On Monday, both Mr Yoon and Mr Kishida strongly criticized North Korea's satellite launch plan. But Mr. Li, who serves under Xi Jinping, China's top leader, did not denounce North Korea, merely calling on all sides to “exercise restraint” and work toward a “political settlement.”
As the press conference in Seoul was wrapping up, 20 South Korean warplanes carried out an airstrike south of the inter-Korean border, warning of “immediate and strong” retaliation against the North Korean provocation.
China, Japan and South Korea had agreed to hold a trilateral meeting every year from 2008 to discuss regional cooperation. But the plan has often been disrupted by diplomatic rows and most recently by the pandemic. The meeting held in Seoul on Monday was the ninth such meeting and the first since December 2019.
During the years-long rift, strategic competition between Washington and Beijing has intensified, also deteriorating relations between China and the United States' two allies. China has pooled its military power and expanded its territorial ambitions in the South and East China Seas, while the United States, Japan and South Korea have stepped up joint military exercises and strengthened missile defense and other security cooperation.
China's ties with the two U.S. allies have become so fractious in recent years that analysts noted that simply reviving the trilateral summit was an achievement. But common interests forced Beijing and its two neighbors to revive the country.
Mr Yoon said on Monday that the three countries agreed to hold regular summits.
East Asian neighbors, which together account for more than a fifth of global economic output, need regional stability and cooperation, especially in supply chains, to recover from their post-pandemic economic slowdown. Although Japan and South Korea consider the United States their most important ally, which together host 80,000 U.S. troops on their soil, their leaders have faced pressure at home from companies vying to improve access to China.
China is betting it can woo Japan and South Korea by offering greater access to its market and reducing some of Washington's influence. To this end, China has agreed to resume talks on a free trade agreement between the three neighbors, emphasizing greater economic cooperation as a means to maintain regional peace and stability.

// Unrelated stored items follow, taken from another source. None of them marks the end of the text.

(* Formal power series in Q[[u,v,z]]: coefficient functions (k,l,n) |-> coeff of u^k v^l z^n. *)
Definition fps := nat -> nat -> nat -> rat.

Definition fps_add (F G : fps) : fps := fun k l n => F k l n + G k l n.
Definition fps_sub (F G : fps) : fps := fun k l n => F k l n - G k l n.
Definition fps_mul (F G : fps) : fps := fun k l n =>
  \sum_(a < k.+1) \sum_(b < l.+1) \sum_(c < n.+1)
     F a b c * G (k - a)%N (l - b)%N (n - c)%N.
Definition fps_mono (i j m : nat) : fps := fun k l n =>
  if [&& k == i, l == j & n == m] then 1 else 0.
Definition fps_one : fps := fps_mono 0 0 0.
Definition fps_u : fps := fps_mono 1 0 0.
Definition fps_v : fps := fps_mono 0 1 0.
Definition fps_z : fps := fps_mono 0 0 1.

(* Evaluated at a permutation s, E_l is the character of the l-th exterior
   power: expanding prod over the cycles c of s of (1 + (-1)^(|c|-1) t^|c|)
   shows that E_l(s) is the sum, over the s-invariant l-subsets S, of the sign
   of the restriction s|S.  Hence n! {E_k E_l}_n is the sum over |S| = k,
   |S'| = l of sum_(s stabilising S and S') sgn s sgn s|S sgn s|S'.  If
   S :&: S' or the complement of S :|: S' contains two points x, y, right
   multiplication by the transposition (x y) reverses the sign of the summand;
   otherwise s splits along the four Venn regions and the summand is 1.  The
   surviving pairs (S, S') form S_n-orbits classified by a = |S :&: S'| and
   d = |~: (S :|: S')| in {0, 1}, subject to n + a = k + l + d, and the
   stabilisers along an orbit add up to n!.  So {E_k E_l}_n counts the
   admissible (a, d), which is the coefficient of u^k v^l z^n in
   (1 + z)(1 + uvz) / ((1 - uz)(1 - vz)). *)

From mathcomp Require Import all_boot all_order all_algebra all_fingroup.
From mathcomp Require Import zify ring lra.
From Stdlib Require Import FunctionalExtensionality.
Set Implicit Arguments. Unset Strict Implicit. Unset Printing Implicit Defensive.
Import Order.TTheory GRing.Theory Num.Theory.
Local Open Scope ring_scope.

Section CongruenceModXn.
Variables (R : comNzRingType) (m : nat).

Definition eq_modXn (p q : {poly R}) := exists r, p = q + r * 'X^m.

Lemma eq_modXn_refl p : eq_modXn p p.
Proof. by exists 0; rewrite mul0r addr0. Qed.

Lemma eq_modXnD p1 q1 p2 q2 :
  eq_modXn p1 q1 -> eq_modXn p2 q2 -> eq_modXn (p1 + p2) (q1 + q2).
Proof. by move=> [r1 ->] [r2 ->]; exists (r1 + r2); ring. Qed.

Lemma eq_modXnM p1 q1 p2 q2 :
  eq_modXn p1 q1 -> eq_modXn p2 q2 -> eq_modXn (p1 * p2) (q1 * q2).
Proof.
by move=> [r1 ->] [r2 ->]; exists (r1 * q2 + q1 * r2 + r1 * r2 * 'X^m); ring.
Qed.

Lemma eq_modXn_sum (I : Type) (r : seq I) (P : pred I) (F G : I -> {poly R}) :
  (forall i, P i -> eq_modXn (F i) (G i)) ->
  eq_modXn (\sum_(i <- r | P i) F i) (\sum_(i <- r | P i) G i).
Proof. by move=> FG; apply: (big_ind2 eq_modXn (eq_modXn_refl 0) eq_modXnD). Qed.

Lemma eq_modXn_prod (I : Type) (r : seq I) (P : pred I) (F G : I -> {poly R}) :
  (forall i, P i -> eq_modXn (F i) (G i)) ->
  eq_modXn (\prod_(i <- r | P i) F i) (\prod_(i <- r | P i) G i).
Proof. by move=> FG; apply: (big_ind2 eq_modXn (eq_modXn_refl 1) eq_modXnM). Qed.

Lemma eq_modXn_coef p q i : (i < m)%N -> eq_modXn p q -> p`_i = q`_i.
Proof. by move=> im [r ->]; rewrite coefD coefMXn im addr0. Qed.

Lemma eq_modXn_mulXn c e : (m <= e)%N -> eq_modXn (c * 'X^e) 0.
Proof.
by move=> me; exists (c * 'X^(e - m)); rewrite add0r -mulrA -exprD subnK.
Qed.

End CongruenceModXn.

(* The sign of an (i+1)-cycle times t^(i+1). *)
Definition cycle_term (i : nat) : {poly rat} := ((-1) ^+ i)%:P * 'X^(i.+1).

Definition cycle_binom (m i a : nat) : {poly rat} :=
  ('C(m, a)%:R * (-1) ^+ (i * a))%:P * 'X^(i.+1 * a).

Lemma exp_cycle_term m i : (1 + cycle_term i) ^+ m = \sum_(a < m.+1) cycle_binom m i a.
Proof.
rewrite addrC exprD1n; apply: eq_bigr => a _.
rewrite /cycle_term /cycle_binom exprMn -rmorphXn /= -!exprM rmorphM /= -mulr_natl.
by rewrite polyC_natr mulrA mulnC.
Qed.

Lemma exp_cycle_term_modXn k m i : eq_modXn k.+1 ((1 + cycle_term i) ^+ m)
  (if (i < k)%N then \sum_(a < k.+1) cycle_binom m i a else 1).
Proof.
case: ifP => ik; last first.
  have cycle_term_0 : eq_modXn k.+1 (1 + cycle_term i) 1.
    rewrite -[X in eq_modXn _ _ X]addr0; apply: eq_modXnD; first exact: eq_modXn_refl.
    by rewrite /cycle_term; apply: eq_modXn_mulXn; lia.
  elim: m => [|m IHm]; first exact: eq_modXn_refl.
  by rewrite exprS -[X in eq_modXn _ _ X]mulr1; apply: eq_modXnM.
rewrite exp_cycle_term.
rewrite (big_ord_widen (m + k).+1 (cycle_binom m i)) ?ltnS ?leq_addr //.
rewrite (big_ord_widen (m + k).+1 (cycle_binom m i)) ?ltnS ?leq_addl //.
rewrite big_mkcond [X in eq_modXn _ _ X]big_mkcond; apply: eq_modXn_sum => a _.
have binom_0 : (m < a)%N -> cycle_binom m i a = 0.
  by move=> ma; rewrite /cycle_binom bin_small ?mul0r.
have [ma|am] := ltnP m a; first by rewrite binom_0 // !if_same; exact: eq_modXn_refl.
rewrite ltnS am; case: ifP => ak; first exact: eq_modXn_refl.
by apply: eq_modXn_mulXn; nia.
Qed.

Lemma E_coef_prod x k N : (k <= N)%N ->
  E k x = (\prod_(i < N) (1 + cycle_term i) ^+ x i.+1)`_k.
Proof.
move=> kN; rewrite (eq_modXn_coef (ltnSn k) (eq_modXn_prod _
  (fun (i : 'I_N) _ => exp_cycle_term_modXn k (x i.+1) i))).
rewrite -big_mkcond /= -(big_ord_widen N (fun i => \sum_(a < k.+1) cycle_binom (x i.+1) i a) kN).
rewrite bigA_distr_bigA coef_sum /E big_mkcond /=; apply: eq_bigr => f _.
have -> : \prod_(i < k) cycle_binom (x i.+1) i (f i) =
    (\prod_(i < k) ('C(x i.+1, f i)%:R * (-1) ^+ (i * f i)))%:P *
    'X^(\sum_(i < k) i.+1 * f i).
  by rewrite big_split /= -rmorph_prod prodrXr.
rewrite coefCM coefXn eq_sym.
case: eqP => [sumf|]; last by rewrite mulr0.
rewrite mulr1 big_split /= prodrXr mulrC; congr (_ * (-1) ^+ _).
rewrite {1}sumf; have -> : (\sum_(i < k) i.+1 * f i = \sum_(i < k) i * f i + \sum_(i < k) f i)%N.
  by rewrite -big_split; apply: eq_bigr => i _; rewrite mulSn addnC.
by rewrite addnK.
Qed.

Lemma prod1D_powerset (T : finType) (R : comNzRingType) (A : {set T}) (w : T -> R) :
  \prod_(i in A) (1 + w i) = \sum_(B in powerset A) \prod_(i in B) w i.
Proof.
pose h (i : T) (b : bool) : R := if b then (if i \in A then w i else 0) else 1.
transitivity (\prod_(i : T) \sum_(b : bool) h i b).
  rewrite big_mkcond /=; apply: eq_bigr => i _; rewrite big_bool /h.
  by case: (i \in A); [exact: addrC | exact: (esym (add0r _))].
rewrite bigA_distr_bigA /= (reindex (fun B : {set T} => [ffun i => i \in B])) /=; last first.
  exists (fun f : {ffun T -> bool} => [set i | f i]) => [B _ | f _].
    by apply/setP => i; rewrite inE ffunE.
  by apply/ffunP => i; rewrite ffunE inE.
rewrite [RHS]big_mkcond /=; apply: eq_bigr => B _; rewrite powersetE.
transitivity (\prod_(i in B) (if i \in A then w i else 0)).
  by rewrite [RHS]big_mkcond /=; apply: eq_bigr => i _; rewrite ffunE /h.
case: ifP => [/subsetP BA | /negbT/subsetPn [i iB iA]].
  by apply: eq_bigr => i /BA ->.
by rewrite (bigD1 i) //= (negbTE iA) mul0r.
Qed.

Section InvariantSets.
Variable T : finType.
Implicit Types (s : {perm T}) (S : {set T}) (U : {set {set T}}).

Lemma astabs_permP s S : reflect (forall x, (s x \in S) = (x \in S)) (s \in 'N(S | 'P)%g).
Proof. by apply: (iffP astabsP) => sS x; have := sS x; rewrite /= apermE. Qed.

Lemma astabs_perm s S x : (s \in 'N(S | 'P)%g) -> (s x \in S) = (x \in S).
Proof. by move/astabs_permP. Qed.

Lemma astabs_expg s S x i : (s \in 'N(S | 'P)%g) -> x \in S -> (s ^+ i)%g x \in S.
Proof.
by move=> sS xS; rewrite -[_ x]/(aperm x (s ^+ i)%g) (astabs_act _ (groupX i sS)).
Qed.

Lemma porbits_porbit s c x : c \in porbits s -> x \in c -> c = porbit s x.
Proof. by move=> /imsetP [y _ ->] xy; apply/esym/eqP; rewrite eq_porbit_mem. Qed.

Lemma card_porbits_gt0 s c : c \in porbits s -> (0 < #|c|)%N.
Proof. by move=> /imsetP [y _ ->]; rewrite lt0n card_porbit_neq0. Qed.

Lemma card_cover_porbits s U :
  U \subset porbits s -> #|cover U| = (\sum_(c in U) #|c|)%N.
Proof.
move=> /subsetP Us; apply/eqP; rewrite (eq_leqif (leq_card_cover U)).
apply/trivIsetP => A B /Us As /Us Bs; apply: contraR => /pred0Pn [x /andP [xA xB]].
by rewrite (porbits_porbit As xA) (porbits_porbit Bs xB).
Qed.

Lemma prod_porbits (R : comNzRingType) (f : nat -> R) s N : (#|T| <= N)%N ->
  \prod_(c in porbits s) f #|c|.-1 =
  \prod_(i < N) f i ^+ #|[set c in porbits s | #|c| == i.+1]|.
Proof.
move=> TN; transitivity (\prod_(i < N) \prod_(c in porbits s | #|c| == i.+1) f i); last first.
  by apply: eq_bigr => i _; rewrite -prodr_const; apply: eq_bigl => c; rewrite inE.
under [RHS]eq_bigr do rewrite big_mkcondr /=.
rewrite exchange_big /=; apply: eq_bigr => c cs.
have c_gt0 := card_porbits_gt0 cs.
have cN : (#|c|.-1 < N)%N by rewrite prednK // (leq_trans (max_card c)).
rewrite -big_mkcond /= (big_pred1 (Ordinal cN)) // => i.
by apply/eqP/eqP => [ci | ->]; [apply: val_inj; rewrite /= ci | rewrite /= prednK].
Qed.

Lemma astabs_cover_porbits s U : U \subset porbits s -> (s \in 'N(cover U | 'P)%g).
Proof.
move=> /subsetP Us; apply/astabs_permP => x.
have sx_orbit y : (s x \in porbit s y) = (x \in porbit s y).
  by rewrite -!eq_porbit_mem -[s x]/((s ^+ 1)%g x) porbit_perm.
by apply/bigcupP/bigcupP => -[c cU xc]; exists c => //;
  move: xc; have /imsetP [y _ ->] := Us c cU; rewrite sx_orbit.
Qed.

Lemma porbit_restr_perm_in s S x : (s \in 'N(S | 'P)%g) -> x \in S ->
  porbit (restr_perm S s) x = porbit s x.
Proof.
move=> sS xS; have restr_expg i : ((restr_perm S s) ^+ i)%g x = (s ^+ i)%g x.
  elim: i => [|i IHi]; first by rewrite !expg0 !perm1.
  by rewrite !expgSr !permM IHi restr_permE // astabs_expg.
by apply/setP => y; apply/porbitP/porbitP => -[i ->]; exists i; rewrite restr_expg.
Qed.

Lemma porbit_restr_perm_out s S x : x \notin S -> porbit (restr_perm S s) x = [set x].
Proof.
move=> xS; have restr_expg i : ((restr_perm S s) ^+ i)%g x = x.
  elim: i => [|i IHi]; first by rewrite expg0 perm1.
  by rewrite expgSr permM IHi (out_perm (restr_perm_on S s)).
apply/setP => y; rewrite inE; apply/porbitP/eqP => [[i ->] | ->]; first exact: restr_expg.
by exists 0; rewrite expg0 perm1.
Qed.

It has portrayed the United States as a meddling party in Asian affairs, pressuring Japan and South Korea to form a bloc to control Chinese development. Washington has imposed a wall of restrictions to deny Beijing access to the latest semiconductors, urging allies such as Japan and South Korea to work together.
On Monday, Mr Li indirectly criticized Washington by calling for a “multipolar” world order and opposing any attempt to create “blocs” and “politicize” trade issues.
In recent years, Japan and South Korea have grown closer. improve relationships that have long been strained by historical disputes. They have also expanded trilateral military cooperation with the United States to deter North Korea and China.
Japan and South Korea urged China to address growing difficulties in doing business in China. Mr Kishida called for the early release of Japanese citizens arrested in China on suspicion of espionage.
During bilateral talks on Sunday, South Korea and China agreed to launch new channels to discuss security issues and cooperation in supply chains, said Kim Tae-hyo, deputy director of national security in Mr. Yoon's office.
Mr. Yoon's policy of aligning South Korea more closely with the United States overlaps a sharp decline in South Korean exports to China. The United States this year replace China South Korea is South Korea's largest export market for the first time in two decades, according to government data.
David Pierson reporting contributed.